-- Records for processing --

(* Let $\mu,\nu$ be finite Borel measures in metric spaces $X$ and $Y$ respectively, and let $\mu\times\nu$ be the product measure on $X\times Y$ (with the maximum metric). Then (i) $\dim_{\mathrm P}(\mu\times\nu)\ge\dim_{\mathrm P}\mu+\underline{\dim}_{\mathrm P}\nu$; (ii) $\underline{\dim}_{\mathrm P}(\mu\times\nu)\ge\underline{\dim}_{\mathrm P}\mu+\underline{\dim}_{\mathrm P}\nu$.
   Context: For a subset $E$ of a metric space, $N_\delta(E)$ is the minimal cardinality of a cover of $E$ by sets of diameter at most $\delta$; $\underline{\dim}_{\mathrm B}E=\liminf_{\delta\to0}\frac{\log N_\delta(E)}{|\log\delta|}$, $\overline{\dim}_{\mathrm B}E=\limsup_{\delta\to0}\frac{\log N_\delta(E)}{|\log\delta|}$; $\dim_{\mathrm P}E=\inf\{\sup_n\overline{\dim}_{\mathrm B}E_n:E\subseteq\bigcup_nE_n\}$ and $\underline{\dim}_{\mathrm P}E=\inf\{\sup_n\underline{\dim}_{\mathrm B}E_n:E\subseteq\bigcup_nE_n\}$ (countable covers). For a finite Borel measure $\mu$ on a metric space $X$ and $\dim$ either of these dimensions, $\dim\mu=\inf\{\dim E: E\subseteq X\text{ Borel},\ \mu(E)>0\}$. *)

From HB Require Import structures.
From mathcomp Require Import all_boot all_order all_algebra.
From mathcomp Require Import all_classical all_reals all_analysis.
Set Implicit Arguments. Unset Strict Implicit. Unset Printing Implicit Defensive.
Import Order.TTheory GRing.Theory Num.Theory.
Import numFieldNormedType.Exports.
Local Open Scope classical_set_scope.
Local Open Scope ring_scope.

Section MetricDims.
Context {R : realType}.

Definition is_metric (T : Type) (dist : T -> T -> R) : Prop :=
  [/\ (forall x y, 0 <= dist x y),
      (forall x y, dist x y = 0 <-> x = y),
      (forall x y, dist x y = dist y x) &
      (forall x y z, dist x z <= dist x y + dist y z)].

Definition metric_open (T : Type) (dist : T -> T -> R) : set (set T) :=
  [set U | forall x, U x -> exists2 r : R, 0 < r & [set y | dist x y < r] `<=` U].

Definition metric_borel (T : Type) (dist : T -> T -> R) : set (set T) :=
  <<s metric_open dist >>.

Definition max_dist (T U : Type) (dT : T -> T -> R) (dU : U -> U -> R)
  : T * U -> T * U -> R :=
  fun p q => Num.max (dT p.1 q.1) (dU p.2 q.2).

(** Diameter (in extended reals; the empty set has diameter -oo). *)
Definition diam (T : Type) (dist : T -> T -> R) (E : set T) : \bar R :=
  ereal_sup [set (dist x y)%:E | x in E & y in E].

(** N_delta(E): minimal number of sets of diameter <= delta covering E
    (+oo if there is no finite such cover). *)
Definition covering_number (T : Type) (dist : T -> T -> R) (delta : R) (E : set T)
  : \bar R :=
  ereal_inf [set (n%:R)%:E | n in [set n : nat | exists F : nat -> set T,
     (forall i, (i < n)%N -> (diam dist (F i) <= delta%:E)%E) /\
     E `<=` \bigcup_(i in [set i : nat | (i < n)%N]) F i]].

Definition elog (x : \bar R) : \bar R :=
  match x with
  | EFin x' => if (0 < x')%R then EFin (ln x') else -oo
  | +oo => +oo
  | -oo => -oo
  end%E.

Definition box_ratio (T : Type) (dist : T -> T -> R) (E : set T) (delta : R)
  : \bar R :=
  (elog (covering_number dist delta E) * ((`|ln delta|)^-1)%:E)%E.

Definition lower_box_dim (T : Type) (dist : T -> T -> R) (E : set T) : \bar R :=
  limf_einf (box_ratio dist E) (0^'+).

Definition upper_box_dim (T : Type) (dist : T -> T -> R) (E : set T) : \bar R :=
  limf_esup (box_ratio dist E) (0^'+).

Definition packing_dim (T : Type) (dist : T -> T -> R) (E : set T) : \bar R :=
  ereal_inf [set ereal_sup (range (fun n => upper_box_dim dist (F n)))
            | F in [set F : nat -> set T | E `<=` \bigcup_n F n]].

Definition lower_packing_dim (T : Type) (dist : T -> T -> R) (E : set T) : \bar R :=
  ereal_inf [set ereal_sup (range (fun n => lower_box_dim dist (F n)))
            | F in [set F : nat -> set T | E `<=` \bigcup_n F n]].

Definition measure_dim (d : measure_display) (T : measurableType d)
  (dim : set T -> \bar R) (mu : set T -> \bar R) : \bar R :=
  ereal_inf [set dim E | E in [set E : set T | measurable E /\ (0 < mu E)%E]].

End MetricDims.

-- Your goal --
Return only the part of the records above that opens with the line containing "Set Implicit Arguments." and closes with the line containing "(+oo if there", ends included.

-- Response --
Set Implicit Arguments. Unset Strict Implicit. Unset Printing Implicit Defensive.
Import Order.TTheory GRing.Theory Num.Theory.
Import numFieldNormedType.Exports.
Local Open Scope classical_set_scope.
Local Open Scope ring_scope.

Section MetricDims.
Context {R : realType}.

Definition is_metric (T : Type) (dist : T -> T -> R) : Prop :=
  [/\ (forall x y, 0 <= dist x y),
      (forall x y, dist x y = 0 <-> x = y),
      (forall x y, dist x y = dist y x) &
      (forall x y z, dist x z <= dist x y + dist y z)].

Definition metric_open (T : Type) (dist : T -> T -> R) : set (set T) :=
  [set U | forall x, U x -> exists2 r : R, 0 < r & [set y | dist x y < r] `<=` U].

Definition metric_borel (T : Type) (dist : T -> T -> R) : set (set T) :=
  <<s metric_open dist >>.

Definition max_dist (T U : Type) (dT : T -> T -> R) (dU : U -> U -> R)
  : T * U -> T * U -> R :=
  fun p q => Num.max (dT p.1 q.1) (dU p.2 q.2).

(** Diameter (in extended reals; the empty set has diameter -oo). *)
Definition diam (T : Type) (dist : T -> T -> R) (E : set T) : \bar R :=
  ereal_sup [set (dist x y)%:E | x in E & y in E].

(** N_delta(E): minimal number of sets of diameter <= delta covering E
    (+oo if there is no finite such cover). *)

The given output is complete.